I have multiple monitored csv files that are created every day at different times on a single server with a Universal Forwarder. Old files are deleted and completely new files are created. Each file is indexed when created and then again at 05:30 am the next day causing duplicate data.
Looking through Splunk>answers, I found where I should add the crcSalt = line in the [monitor] section of inputs.conf. I did this for one of the files and the file is still being indexed twice.
What else should I do to stop the second indexing?
I do find it interesting that the second indexing for these files happen at the same time. Is there some config that sets that time? Just wondering.
Thanks for any help provided.
Scott
You have something external to splunk that is updating the file's last modified date at 5:30 AM daily. Check your crontab, backup routines, log rotation routines, etc.
You have something external to splunk that is updating the file's last modified date at 5:30 AM daily. Check your crontab, backup routines, log rotation routines, etc.

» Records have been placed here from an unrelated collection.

(* Let $T$ be a balanced eulerian tree and let $T'$ be its balanced conjugate (the eulerian tree obtained from $T$ by re-rooting it at the other free leaf). Then the closure $\sigma(T')$ is the map obtained from the closure $\sigma(T)$ by reversing the orientation of its root edge.
   Context: A plane tree is a planar map (embedding of a finite connected graph in the sphere up to orientation-preserving homeomorphism) with one face; vertices of degree 1 are leaves, others inner vertices. An eulerian tree is a plane tree rooted at a leaf, whose leaves are coloured black or white, such that every inner vertex has even degree, every inner vertex of degree $2i$ is adjacent to exactly $i-1$ white leaves, and the root leaf is black; such a tree has exactly two more black leaves than white leaves. Two eulerian trees are conjugate if one is obtained from the other by changing which black leaf is the root. The word $\omega(T)$ of an eulerian tree $T$ is the word over $\{b,w\}$ obtained by following the border of the tree counterclockwise, ending at the root leaf, writing $b$ for each black leaf and $w$ for each white leaf. Reading $w$ as an opening and $b$ as a closing bracket, a word is correct if in every prefix the number of $w$'s is at least the number of $b$'s; in a correct word each $w$ is matched with a $b$, which induces a matching between leaves. In each conjugacy class there are exactly two rooted trees with $\omega(T)=p_1bp_2b$ where $p_1,p_2$ are correct bracketing words; the corresponding two root leaves are called the free leaves, and a tree is balanced if it is rooted at a free leaf. The closure $\sigma(T)$ of a balanced eulerian tree $T$ is obtained by: (1) going counterclockwise around the tree, merging each white leaf with the black leaf it is matched to in the bracketing word (forming an edge); (2) merging the two free leaves into an edge, and rooting the resulting map on this edge oriented from (the side of) the root leaf. *)

From mathcomp Require Import all_boot fingroup perm.
Set Implicit Arguments. Unset Strict Implicit. Unset Printing Implicit Defensive.

(* A rooted leaf-coloured plane tree on the dart set D:
   tsg = rotation of darts around their vertex (counterclockwise),
   tal = fixed-point-free involution pairing the two darts of an edge,
   twhite d = true iff the leaf whose unique dart is d is white,
   troot = the dart of the root leaf. *)
Record etree (D : finType) := ETree {
  tsg : {perm D}; tal : {perm D}; twhite : D -> bool; troot : D }.

Section Trees.
Variable D : finType.
Implicit Type T : etree D.

Definition tphi T : D -> D := fun d => tsg T (tal T d).

Definition leafd T (d : D) : bool := tsg T d == d.

Definition vdeg T (d : D) : nat := fingraph.order (tsg T) d.

Definition is_plane_tree T : Prop :=
  [/\ forall d, tal T (tal T d) = d,
      forall d, tal T d != d,
      forall d e, fconnect (tphi T) d e                 (* one face (hence connected) *)
    & fcard (tsg T) (@predT D) + 1 = #|D| %/ 2 + 2 ]. (* V - E + F = 2 with F = 1 *)

Definition is_eulerian_tree T : Prop :=
  [/\ is_plane_tree T,
      leafd T (troot T),
      ~~ twhite T (troot T)
    & forall d, ~~ leafd T d ->
        ~~ odd (vdeg T d) /\
        #|[pred e | fconnect (tsg T) d e && leafd T (tal T e) && twhite T (tal T e)]|
          = (vdeg T d)./2 - 1 ].

(* leaves met along the border, starting just after the root, ending at the root *)
Definition leafseq T : seq D :=
  filter (leafd T) (traject (tphi T) (tphi T (troot T)) #|D|).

Maybe the following can help - Logging best practices
Under Use rotation policies it speaks about - ...set up good rotation strategies ...
Wiping out the log file and starting a fresh one is not a good log practice.
These are not log files. An application creates a csv file showing itemnumber, username, logon time and logoff time for the previous day at 10:30 am. Splunk indexes the file at that time. Then at 05:30 the next day, the file is indexed again.
I have 3 other csv files created by different applications, that are created at different times but the second indexing is done at 05:30.
Fix the thing that is logging in such a silly fashion.
Could you be a little more specific? What entity should I be looking at that would be "logging in" in such a silly fashion?